====== The data

Lemma big_rho_coassoc (C : mcoalgebra K) (M : comodule C) (X Z Y : ob C) (m : cm M X)
    (W : lmodType K) (phi : cm M Y -> mhom C Z Y -> mhom C X Z -> W) :
  trilinear_map K phi ->
  \sum_(p <- rho M X Z m) \sum_(q <- rho M Z Y p.1) phi q.1 q.2 p.2
  = \sum_(p <- rho M X Y m) \sum_(q <- delta C X Z Y p.2) phi p.1 q.1 q.2.
Proof.
by move=> phi_tri; have := @rho_coassoc K C M X Z Y m W phi phi_tri; rewrite !big_flatten_map.
Qed.

End Multilinear.

Section TensorProduct.
Variables (K : fieldType) (U V : lmodType K).
Implicit Types s t : seq (U * V).

(* An element of U (x) V is the teq2-class of a finite list of pure tensors; the operations
   pick a representative list by choice. *)
Definition tensor := {P : seq (U * V) -> Prop | exists s, P = teq2 K s}.

Definition tensor_of s : tensor := exist _ (teq2 K s) (ex_intro _ s erefl).

Lemma tensor_of_eq s t : teq2 K s t -> tensor_of s = tensor_of t.
Proof.
move=> st; apply: eq_exist; apply/funext => r; apply/propext.
by split; [apply: teq2_trans (teq2_sym st) | apply: teq2_trans st].
Qed.

Definition tensor_repr (c : tensor) : seq (U * V) := sval (cid (svalP c)).

Lemma tensor_reprK : cancel tensor_repr tensor_of.
Proof.
by case=> P P_teq2; rewrite /tensor_repr; case: cid => s /= P_s; apply: eq_exist.
Qed.

Lemma tensor_repr_of s : teq2 K (tensor_repr (tensor_of s)) s.
Proof. by have /(congr1 sval) /= -> := tensor_reprK (tensor_of s). Qed.

Lemma tensorP (c : tensor) : exists s, c = tensor_of s.
Proof. by exists (tensor_repr c); rewrite tensor_reprK. Qed.

Definition tensor_add (c d : tensor) := tensor_of (tensor_repr c ++ tensor_repr d).
Definition tensor_scale k (c : tensor) := tensor_of (tscale K k (tensor_repr c)).

Lemma tensor_add_of s t : tensor_add (tensor_of s) (tensor_of t) = tensor_of (s ++ t).
Proof.
apply: tensor_of_eq => W phi phi_bil.
by rewrite !big_cat !(tensor_repr_of _ phi_bil).
Qed.

Lemma tensor_scale_of k s : tensor_scale k (tensor_of s) = tensor_of (tscale K k s).
Proof.
apply: tensor_of_eq => W phi phi_bil.
by rewrite !big_tscale // (tensor_repr_of _ phi_bil).
Qed.

Lemma tensor_addA : associative tensor_add.
Proof.
move=> a b c; case: (tensorP a) (tensorP b) (tensorP c) => [s ->] [t ->] [r ->].
by rewrite !tensor_add_of catA.
Qed.

Lemma tensor_addC : commutative tensor_add.
Proof.
move=> a b; case: (tensorP a) (tensorP b) => [s ->] [t ->].
by rewrite !tensor_add_of; apply: tensor_of_eq => W phi _; rewrite !big_cat; apply: addrC.
Qed.

Lemma tensor_add0 : left_id (tensor_of [::]) tensor_add.
Proof. by move=> a; case: (tensorP a) => s ->; rewrite tensor_add_of. Qed.

Lemma tensor_addN : left_inverse (tensor_of [::]) (tensor_scale (-1)) tensor_add.
Proof.
move=> a; case: (tensorP a) => s ->; rewrite tensor_scale_of tensor_add_of.
apply: tensor_of_eq => W phi phi_bil.
by rewrite big_cat big_tscale // big_nil scaleN1r; apply: addNr.
Qed.

HB.instance Definition _ := gen_eqMixin tensor.
HB.instance Definition _ := gen_choiceMixin tensor.
HB.instance Definition _ :=
  GRing.isZmodule.Build tensor tensor_addA tensor_addC tensor_add0 tensor_addN.

Lemma tensor_of_cat s t : tensor_of (s ++ t) = tensor_of s + tensor_of t.
Proof. by rewrite -tensor_add_of. Qed.

Lemma tensor_scaleA a b c : tensor_scale a (tensor_scale b c) = tensor_scale (a * b) c.
Proof.
case: (tensorP c) => s ->; rewrite !tensor_scale_of.
by apply: tensor_of_eq => W phi phi_bil; rewrite !big_tscale // scalerA.
Qed.

Lemma tensor_scale1 : left_id 1 tensor_scale.
Proof.
move=> c; case: (tensorP c) => s ->; rewrite tensor_scale_of.
by apply: tensor_of_eq => W phi phi_bil; rewrite big_tscale // scale1r.
Qed.

Lemma tensor_scaleDr : right_distributive tensor_scale +%R.
Proof.
move=> k a b; case: (tensorP a) (tensorP b) => [s ->] [t ->].
rewrite -tensor_of_cat !tensor_scale_of -tensor_of_cat.
by apply: tensor_of_eq => W phi phi_bil; rewrite big_tscale // !big_cat !big_tscale // scalerDr.
Qed.

Lemma tensor_scaleDl c : {morph tensor_scale^~ c : a b / a + b}.
Proof.
move=> a b; case: (tensorP c) => s ->; rewrite !tensor_scale_of -tensor_of_cat.
by apply: tensor_of_eq => W phi phi_bil; rewrite big_cat !big_tscale // scalerDl.
Qed.

HB.instance Definition _ := GRing.Zmodule_isLmodule.Build K tensor
  tensor_scaleA tensor_scale1 tensor_scaleDr tensor_scaleDl.

Lemma tensor_of_tscale k s : tensor_of (tscale K k s) = k *: tensor_of s.
Proof. by rewrite -tensor_scale_of. Qed.

Definition tensor1 (u : U) (v : V) : tensor := tensor_of [:: (u, v)].

Lemma tensor_of_sum s : tensor_of s = \sum_(p <- s) tensor1 p.1 p.2.
Proof.
elim: s => [|p s IH]; first by rewrite big_nil.
by rewrite big_cons -IH /tensor1 -tensor_of_cat -surjective_pairing.
Qed.

Lemma tensor1_bilinear : bilinear_map K tensor1.
Proof.
split=> k u u' v; rewrite /tensor1 -tensor_of_tscale -tensor_of_cat;
  apply: tensor_of_eq => W phi phi_bil; rewrite /= !big_cons !big_nil !addr0 /=.
  by rewrite phi_bil.1 (bilinearZl phi_bil).
by rewrite phi_bil.2 (bilinearZl phi_bil).
Qed.

Definition tensor_lift (W : lmodType K) (phi : U -> V -> W) (c : tensor) : W :=
  \sum_(p <- tensor_repr c) phi p.1 p.2.

Variables (W : lmodType K) (phi : U -> V -> W) (phi_bil : bilinear_map K phi).

Lemma tensor_lift_of s : tensor_lift phi (tensor_of s) = \sum_(p <- s) phi p.1 p.2.
Proof. exact: tensor_repr_of. Qed.

Lemma tensor_lift1 u v : tensor_lift phi (tensor1 u v) = phi u v.
Proof. by rewrite tensor_lift_of big_seq1. Qed.

Lemma tensor_lift_linear : linear (tensor_lift phi).
Proof.
move=> k a b; case: (tensorP a) (tensorP b) => [s ->] [t ->].
by rewrite -tensor_of_tscale -tensor_of_cat !tensor_lift_of big_cat big_tscale.
Qed.

End TensorProduct.

Arguments tensor1_bilinear {K U V}.

Section CofreeComodule.
Variables (K : fieldType) (C : mcoalgebra K) (V : lmodType K) (X : ob C).

Definition cofree_rho (Z Y : ob C) (c : tensor V (mhom C Z X)) :
    seq (tensor V (mhom C Y X) * mhom C Z Y) :=
  flatten [seq [seq (tensor1 p.1 q.1, q.2) | q <- delta C Z Y X p.2] | p <- tensor_repr c].

Section CofreeRhoForm.
Variables (Z Y : ob C) (W : lmodType K).
Variables (phi : tensor V (mhom C Y X) -> mhom C Z Y -> W) (phi_bil : bilinear_map K phi).

Definition cofree_rho_form (v : V) (h : mhom C Z X) : W :=
  \sum_(q <- delta C Z Y X h) phi (tensor1 v q.1) q.2.

Lemma cofree_rho_form_bilinear : bilinear_map K cofree_rho_form.
Proof.
apply: mk_bilinear_map => [h|v].
  apply: linear_big => q.
  exact: linear_comp (bilinear_mapl tensor1_bilinear q.1) (bilinear_mapl phi_bil q.2).
apply: (linear_big_teq2 (delta_lin K C Z Y X) (phi := fun a b => phi (tensor1 v a) b)).
apply: mk_bilinear_map => [g|f]; last exact: bilinear_mapr.
exact: linear_comp (bilinear_mapr tensor1_bilinear v) (bilinear_mapl phi_bil g).
Qed.

Lemma big_cofree_rho c :
  \sum_(p <- cofree_rho Y c) phi p.1 p.2 = tensor_lift cofree_rho_form c.
Proof. exact: big_flatten_map. Qed.

Lemma big_cofree_rho_of s :
  \sum_(p <- cofree_rho Y (tensor_of s)) phi p.1 p.2 = \sum_(x <- s) cofree_rho_form x.1 x.2.
Proof. by rewrite big_cofree_rho (tensor_lift_of cofree_rho_form_bilinear). Qed.

Lemma linear_big_cofree_rho : linear (fun c => \sum_(p <- cofree_rho Y c) phi p.1 p.2).
Proof.
move=> k a b; rewrite !big_cofree_rho.
exact: (tensor_lift_linear cofree_rho_form_bilinear).
Qed.

End CofreeRhoForm.

Lemma cofree_rho_lin (Z Y : ob C) k (c d : tensor V (mhom C Z X)) :
  teq2 K (cofree_rho Y (k *: c + d)) (tscale K k (cofree_rho Y c) ++ cofree_rho Y d).
Proof. by move=> W phi phi_bil; rewrite big_cat big_tscale //; apply: linear_big_cofree_rho. Qed.

Lemma cofree_rho_coassoc (Z0 Z1 Z2 : ob C) (c : tensor V (mhom C Z0 X)) :
  teq3 K (flatten [seq [seq (q.1, q.2, p.2) | q <- cofree_rho Z2 p.1] | p <- cofree_rho Z1 c])
         (flatten [seq [seq (p.1, q.1, q.2) | q <- delta C Z0 Z1 Z2 p.2]
                  | p <- cofree_rho Z2 c]).
Proof.
move=> W phi phi_tri; rewrite [LHS]big_flatten_map [RHS]big_flatten_map /=.
case: (tensorP c) => s ->.
pose G (n : tensor V (mhom C Z1 X)) (g : mhom C Z0 Z1) :=
  \sum_(q <- cofree_rho Z2 n) phi q.1 q.2 g.
pose H (n : tensor V (mhom C Z2 X)) (h : mhom C Z0 Z2) :=
  \sum_(q <- delta C Z0 Z1 Z2 h) phi n q.1 q.2.
have G_bil : bilinear_map K G.
  apply: mk_bilinear_map => [g|n].
    exact: linear_big_cofree_rho (trilinear_map12 phi_tri g).
  by apply: linear_big => q; apply: trilinear_map3.
have H_bil : bilinear_map K H.
  apply: mk_bilinear_map => [h|n]; first by apply: linear_big => q; apply: trilinear_map1.
  apply: (linear_big_teq2 (delta_lin K C Z0 Z1 Z2)).
  by apply: mk_bilinear_map => [b|a]; [apply: trilinear_map2 | apply: trilinear_map3].
rewrite (big_cofree_rho_of G_bil) (big_cofree_rho_of H_bil); apply: eq_bigr => x _.
rewrite /cofree_rho_form /G /H.
under eq_bigr => q _ do rewrite (big_cofree_rho_of (trilinear_map12 phi_tri q.2)) big_seq1.
have phi_x_tri : trilinear_map K (fun a b c => phi (tensor1 x.1 a) b c).
  apply: mk_trilinear_map => [b d|a d|a b]; last exact: trilinear_map3.
    exact: linear_comp (bilinear_mapr tensor1_bilinear x.1) (trilinear_map1 phi_tri b d).
  exact: trilinear_map2.
exact: (big_rho_coassoc (M := Hcomod X) x.2 phi_x_tri).
Qed.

============

→ About this exercise: Beginning at the line with "Lemma cofree_rho_form_bilinear : bilinear_map" and ending at the line with "apply: (linear_big_teq2 (delta_lin K C Z Y", reproduce each line of the data above exactly, and add no other lines.

→ Output below:
Lemma cofree_rho_form_bilinear : bilinear_map K cofree_rho_form.
Proof.
apply: mk_bilinear_map => [h|v].
  apply: linear_big => q.
  exact: linear_comp (bilinear_mapl tensor1_bilinear q.1) (bilinear_mapl phi_bil q.2).
apply: (linear_big_teq2 (delta_lin K C Z Y X) (phi := fun a b => phi (tensor1 v a) b)).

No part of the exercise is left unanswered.